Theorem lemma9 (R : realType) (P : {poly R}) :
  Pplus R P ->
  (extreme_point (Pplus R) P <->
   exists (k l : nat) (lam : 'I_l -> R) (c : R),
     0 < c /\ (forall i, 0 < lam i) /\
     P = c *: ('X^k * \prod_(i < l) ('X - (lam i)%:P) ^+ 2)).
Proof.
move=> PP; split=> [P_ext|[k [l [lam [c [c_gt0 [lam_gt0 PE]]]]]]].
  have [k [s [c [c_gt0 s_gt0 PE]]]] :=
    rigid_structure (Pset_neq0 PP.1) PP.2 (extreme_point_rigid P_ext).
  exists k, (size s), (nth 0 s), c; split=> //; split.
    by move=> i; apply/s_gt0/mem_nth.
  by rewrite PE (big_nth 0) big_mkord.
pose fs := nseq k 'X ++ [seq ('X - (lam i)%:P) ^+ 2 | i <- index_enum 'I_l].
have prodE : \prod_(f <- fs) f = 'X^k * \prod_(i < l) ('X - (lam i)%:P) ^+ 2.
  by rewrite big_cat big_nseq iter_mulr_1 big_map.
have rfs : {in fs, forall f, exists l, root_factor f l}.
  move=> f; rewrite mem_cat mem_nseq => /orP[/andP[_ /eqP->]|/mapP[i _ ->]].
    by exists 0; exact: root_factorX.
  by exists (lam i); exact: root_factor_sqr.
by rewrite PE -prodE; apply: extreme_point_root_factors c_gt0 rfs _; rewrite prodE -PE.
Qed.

==

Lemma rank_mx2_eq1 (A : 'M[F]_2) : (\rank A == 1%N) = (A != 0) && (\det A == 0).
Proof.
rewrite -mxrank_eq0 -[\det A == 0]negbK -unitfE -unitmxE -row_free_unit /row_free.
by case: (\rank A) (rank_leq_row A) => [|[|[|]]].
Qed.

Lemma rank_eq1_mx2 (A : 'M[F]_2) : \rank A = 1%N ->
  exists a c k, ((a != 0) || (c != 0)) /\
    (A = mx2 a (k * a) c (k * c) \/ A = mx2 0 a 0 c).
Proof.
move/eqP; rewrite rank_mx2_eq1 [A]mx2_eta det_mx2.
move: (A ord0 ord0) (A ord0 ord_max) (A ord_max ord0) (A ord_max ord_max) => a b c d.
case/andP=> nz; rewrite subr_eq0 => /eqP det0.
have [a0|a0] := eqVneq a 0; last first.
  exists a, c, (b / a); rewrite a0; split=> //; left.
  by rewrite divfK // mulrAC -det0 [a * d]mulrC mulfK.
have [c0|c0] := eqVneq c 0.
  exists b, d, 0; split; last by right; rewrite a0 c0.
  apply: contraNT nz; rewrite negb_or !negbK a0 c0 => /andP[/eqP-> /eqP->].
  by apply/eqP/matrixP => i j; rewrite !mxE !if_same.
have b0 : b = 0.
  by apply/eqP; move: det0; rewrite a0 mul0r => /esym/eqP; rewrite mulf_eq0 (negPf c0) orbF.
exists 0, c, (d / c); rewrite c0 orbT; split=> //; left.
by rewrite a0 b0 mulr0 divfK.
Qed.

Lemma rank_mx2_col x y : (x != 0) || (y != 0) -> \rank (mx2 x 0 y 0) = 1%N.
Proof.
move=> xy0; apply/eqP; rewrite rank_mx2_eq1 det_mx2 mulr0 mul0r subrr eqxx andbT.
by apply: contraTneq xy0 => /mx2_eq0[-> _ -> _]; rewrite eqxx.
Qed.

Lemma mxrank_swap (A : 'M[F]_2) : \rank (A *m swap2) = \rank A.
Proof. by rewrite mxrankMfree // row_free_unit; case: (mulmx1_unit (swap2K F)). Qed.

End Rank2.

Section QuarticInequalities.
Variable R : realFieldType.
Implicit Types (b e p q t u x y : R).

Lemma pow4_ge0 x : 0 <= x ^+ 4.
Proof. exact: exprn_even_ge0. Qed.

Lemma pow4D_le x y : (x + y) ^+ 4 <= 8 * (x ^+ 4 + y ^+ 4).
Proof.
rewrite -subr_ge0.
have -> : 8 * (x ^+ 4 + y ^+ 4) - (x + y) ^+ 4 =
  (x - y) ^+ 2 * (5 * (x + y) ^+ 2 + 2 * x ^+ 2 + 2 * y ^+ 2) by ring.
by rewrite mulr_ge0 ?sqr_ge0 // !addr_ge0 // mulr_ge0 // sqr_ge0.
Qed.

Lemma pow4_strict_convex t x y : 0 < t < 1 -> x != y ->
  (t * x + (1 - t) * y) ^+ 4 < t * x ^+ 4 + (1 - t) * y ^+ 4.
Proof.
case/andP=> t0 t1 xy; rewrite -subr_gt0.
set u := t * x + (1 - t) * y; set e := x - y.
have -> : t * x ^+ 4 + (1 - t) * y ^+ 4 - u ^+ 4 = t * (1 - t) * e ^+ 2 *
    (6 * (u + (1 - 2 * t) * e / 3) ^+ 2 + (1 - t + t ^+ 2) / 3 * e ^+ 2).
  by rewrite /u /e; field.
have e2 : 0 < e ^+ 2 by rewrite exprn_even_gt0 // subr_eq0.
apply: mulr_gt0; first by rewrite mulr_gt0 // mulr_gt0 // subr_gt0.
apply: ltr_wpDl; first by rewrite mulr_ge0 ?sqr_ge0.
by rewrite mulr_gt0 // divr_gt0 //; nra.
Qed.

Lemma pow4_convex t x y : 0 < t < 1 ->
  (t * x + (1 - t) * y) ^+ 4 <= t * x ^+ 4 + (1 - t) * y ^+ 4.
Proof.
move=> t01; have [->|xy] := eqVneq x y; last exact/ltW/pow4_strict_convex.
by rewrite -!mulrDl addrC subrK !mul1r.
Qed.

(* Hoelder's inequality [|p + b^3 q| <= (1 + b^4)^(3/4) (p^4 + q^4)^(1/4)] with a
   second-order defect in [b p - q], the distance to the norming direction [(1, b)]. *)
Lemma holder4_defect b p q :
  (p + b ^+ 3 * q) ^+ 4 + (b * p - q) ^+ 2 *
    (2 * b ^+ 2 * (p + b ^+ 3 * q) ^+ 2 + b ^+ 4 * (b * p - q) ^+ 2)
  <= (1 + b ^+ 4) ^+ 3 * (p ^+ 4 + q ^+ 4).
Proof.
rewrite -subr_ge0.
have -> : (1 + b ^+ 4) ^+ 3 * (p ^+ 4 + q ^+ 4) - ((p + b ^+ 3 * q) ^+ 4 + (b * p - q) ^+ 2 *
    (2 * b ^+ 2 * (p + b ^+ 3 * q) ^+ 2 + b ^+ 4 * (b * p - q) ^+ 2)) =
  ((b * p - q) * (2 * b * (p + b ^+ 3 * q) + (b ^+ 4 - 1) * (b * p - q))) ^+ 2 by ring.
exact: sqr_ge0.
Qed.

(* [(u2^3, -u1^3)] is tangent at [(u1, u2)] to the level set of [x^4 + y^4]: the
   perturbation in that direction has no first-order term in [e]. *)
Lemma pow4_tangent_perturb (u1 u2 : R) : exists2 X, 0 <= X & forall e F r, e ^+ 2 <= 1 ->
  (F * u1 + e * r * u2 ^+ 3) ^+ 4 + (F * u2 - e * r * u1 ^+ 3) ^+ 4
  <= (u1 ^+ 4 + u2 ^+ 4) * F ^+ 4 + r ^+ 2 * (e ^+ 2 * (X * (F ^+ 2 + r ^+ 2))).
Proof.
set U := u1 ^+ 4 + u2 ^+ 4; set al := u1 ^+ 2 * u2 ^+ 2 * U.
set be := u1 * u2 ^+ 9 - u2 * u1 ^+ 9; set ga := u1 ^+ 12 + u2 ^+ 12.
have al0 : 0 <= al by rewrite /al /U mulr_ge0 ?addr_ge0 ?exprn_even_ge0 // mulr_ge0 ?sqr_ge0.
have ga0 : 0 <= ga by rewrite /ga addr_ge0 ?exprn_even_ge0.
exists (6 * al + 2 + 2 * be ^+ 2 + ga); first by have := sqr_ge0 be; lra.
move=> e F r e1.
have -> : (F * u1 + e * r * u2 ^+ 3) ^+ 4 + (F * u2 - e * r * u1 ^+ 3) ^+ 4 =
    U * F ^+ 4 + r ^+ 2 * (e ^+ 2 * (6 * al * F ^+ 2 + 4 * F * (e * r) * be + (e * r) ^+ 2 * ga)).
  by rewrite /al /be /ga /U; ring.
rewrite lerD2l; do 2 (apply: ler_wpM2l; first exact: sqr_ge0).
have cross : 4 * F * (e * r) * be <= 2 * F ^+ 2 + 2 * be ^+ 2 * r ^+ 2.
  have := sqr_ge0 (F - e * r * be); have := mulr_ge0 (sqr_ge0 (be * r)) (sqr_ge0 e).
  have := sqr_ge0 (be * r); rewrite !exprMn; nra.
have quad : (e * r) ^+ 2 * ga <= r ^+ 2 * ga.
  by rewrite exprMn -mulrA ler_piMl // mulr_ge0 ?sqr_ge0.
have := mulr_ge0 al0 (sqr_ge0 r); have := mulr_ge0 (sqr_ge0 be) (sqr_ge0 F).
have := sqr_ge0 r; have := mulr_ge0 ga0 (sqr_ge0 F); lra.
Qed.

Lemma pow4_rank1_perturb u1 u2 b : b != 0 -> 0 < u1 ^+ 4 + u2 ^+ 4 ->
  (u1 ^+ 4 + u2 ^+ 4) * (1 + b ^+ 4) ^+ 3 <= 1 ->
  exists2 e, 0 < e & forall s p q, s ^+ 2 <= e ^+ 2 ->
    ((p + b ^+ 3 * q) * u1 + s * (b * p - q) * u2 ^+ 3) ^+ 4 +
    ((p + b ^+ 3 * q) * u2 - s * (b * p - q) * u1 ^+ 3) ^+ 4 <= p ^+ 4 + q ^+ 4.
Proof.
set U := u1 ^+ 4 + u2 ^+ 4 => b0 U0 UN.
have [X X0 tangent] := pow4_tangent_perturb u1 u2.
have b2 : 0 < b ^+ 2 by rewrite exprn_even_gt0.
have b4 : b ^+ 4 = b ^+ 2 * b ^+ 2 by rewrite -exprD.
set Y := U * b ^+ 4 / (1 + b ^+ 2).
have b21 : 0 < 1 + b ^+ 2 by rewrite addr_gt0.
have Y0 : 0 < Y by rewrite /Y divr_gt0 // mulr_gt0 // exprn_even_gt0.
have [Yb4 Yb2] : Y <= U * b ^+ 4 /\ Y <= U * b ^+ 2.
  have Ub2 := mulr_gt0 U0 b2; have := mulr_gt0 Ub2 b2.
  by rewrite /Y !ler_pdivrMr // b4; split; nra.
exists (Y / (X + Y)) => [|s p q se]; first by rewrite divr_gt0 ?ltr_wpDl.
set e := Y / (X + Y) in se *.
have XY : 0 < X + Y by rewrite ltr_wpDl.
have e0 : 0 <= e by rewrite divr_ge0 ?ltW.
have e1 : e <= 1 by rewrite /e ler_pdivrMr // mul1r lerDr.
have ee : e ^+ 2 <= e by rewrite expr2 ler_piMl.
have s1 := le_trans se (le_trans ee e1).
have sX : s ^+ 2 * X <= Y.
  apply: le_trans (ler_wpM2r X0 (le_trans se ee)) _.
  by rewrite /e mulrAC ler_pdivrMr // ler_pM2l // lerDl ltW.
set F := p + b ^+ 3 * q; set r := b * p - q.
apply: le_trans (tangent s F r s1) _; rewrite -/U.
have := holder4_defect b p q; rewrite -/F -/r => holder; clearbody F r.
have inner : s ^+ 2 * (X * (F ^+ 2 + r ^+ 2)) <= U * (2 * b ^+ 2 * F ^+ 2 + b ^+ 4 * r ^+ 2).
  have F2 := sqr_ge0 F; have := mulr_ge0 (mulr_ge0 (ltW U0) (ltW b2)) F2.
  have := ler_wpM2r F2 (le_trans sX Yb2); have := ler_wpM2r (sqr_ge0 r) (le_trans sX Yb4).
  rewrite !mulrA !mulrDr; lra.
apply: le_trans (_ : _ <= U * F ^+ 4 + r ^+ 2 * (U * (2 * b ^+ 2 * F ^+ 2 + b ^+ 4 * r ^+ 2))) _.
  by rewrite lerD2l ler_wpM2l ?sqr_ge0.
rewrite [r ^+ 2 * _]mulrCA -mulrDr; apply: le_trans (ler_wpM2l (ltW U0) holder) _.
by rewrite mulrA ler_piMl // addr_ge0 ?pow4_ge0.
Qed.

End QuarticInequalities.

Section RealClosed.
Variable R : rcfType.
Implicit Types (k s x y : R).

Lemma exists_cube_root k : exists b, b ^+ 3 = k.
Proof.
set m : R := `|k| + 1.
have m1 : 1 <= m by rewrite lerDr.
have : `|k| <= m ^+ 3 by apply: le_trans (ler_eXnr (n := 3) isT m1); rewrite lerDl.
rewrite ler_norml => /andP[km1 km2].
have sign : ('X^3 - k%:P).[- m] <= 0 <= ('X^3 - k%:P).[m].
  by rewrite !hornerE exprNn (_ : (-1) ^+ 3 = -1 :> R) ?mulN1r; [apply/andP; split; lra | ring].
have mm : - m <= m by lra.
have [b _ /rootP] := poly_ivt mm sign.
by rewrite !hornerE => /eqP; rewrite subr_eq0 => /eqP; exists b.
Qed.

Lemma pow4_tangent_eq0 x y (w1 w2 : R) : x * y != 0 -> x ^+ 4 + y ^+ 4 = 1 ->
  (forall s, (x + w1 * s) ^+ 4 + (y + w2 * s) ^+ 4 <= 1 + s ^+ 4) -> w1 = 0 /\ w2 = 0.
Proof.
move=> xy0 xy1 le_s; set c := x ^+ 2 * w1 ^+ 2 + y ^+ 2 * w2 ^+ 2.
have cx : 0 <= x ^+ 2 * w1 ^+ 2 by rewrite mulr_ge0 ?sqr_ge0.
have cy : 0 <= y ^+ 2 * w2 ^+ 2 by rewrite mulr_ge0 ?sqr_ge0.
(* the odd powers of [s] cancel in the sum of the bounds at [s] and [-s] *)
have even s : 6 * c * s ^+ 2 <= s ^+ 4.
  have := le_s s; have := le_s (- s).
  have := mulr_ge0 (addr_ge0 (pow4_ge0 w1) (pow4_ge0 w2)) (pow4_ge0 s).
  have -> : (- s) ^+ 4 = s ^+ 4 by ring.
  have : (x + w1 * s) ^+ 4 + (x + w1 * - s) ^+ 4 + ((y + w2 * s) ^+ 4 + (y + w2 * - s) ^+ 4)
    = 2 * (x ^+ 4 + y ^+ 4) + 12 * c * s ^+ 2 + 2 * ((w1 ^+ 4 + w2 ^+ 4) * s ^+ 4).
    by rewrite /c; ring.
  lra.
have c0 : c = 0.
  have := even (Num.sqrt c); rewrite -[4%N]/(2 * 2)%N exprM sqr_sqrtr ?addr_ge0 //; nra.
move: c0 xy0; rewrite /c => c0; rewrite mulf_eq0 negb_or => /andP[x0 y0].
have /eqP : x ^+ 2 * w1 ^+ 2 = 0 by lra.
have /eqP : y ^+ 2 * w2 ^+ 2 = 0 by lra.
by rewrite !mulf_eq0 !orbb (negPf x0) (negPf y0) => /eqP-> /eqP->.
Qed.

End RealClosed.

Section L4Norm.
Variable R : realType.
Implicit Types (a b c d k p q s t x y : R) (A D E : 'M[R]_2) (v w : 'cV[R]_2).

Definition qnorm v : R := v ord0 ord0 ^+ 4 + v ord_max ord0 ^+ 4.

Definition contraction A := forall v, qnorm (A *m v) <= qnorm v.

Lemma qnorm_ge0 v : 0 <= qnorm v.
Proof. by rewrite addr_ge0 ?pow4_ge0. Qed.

» **Exercise**
Wherever the word "negPf" occurs in the data above, copy the line it sits in.

» **Task answer**
  by apply/eqP; move: det0; rewrite a0 mul0r => /esym/eqP; rewrite mulf_eq0 (negPf c0) orbF.
by rewrite !mulf_eq0 !orbb (negPf x0) (negPf y0) => /eqP-> /eqP->.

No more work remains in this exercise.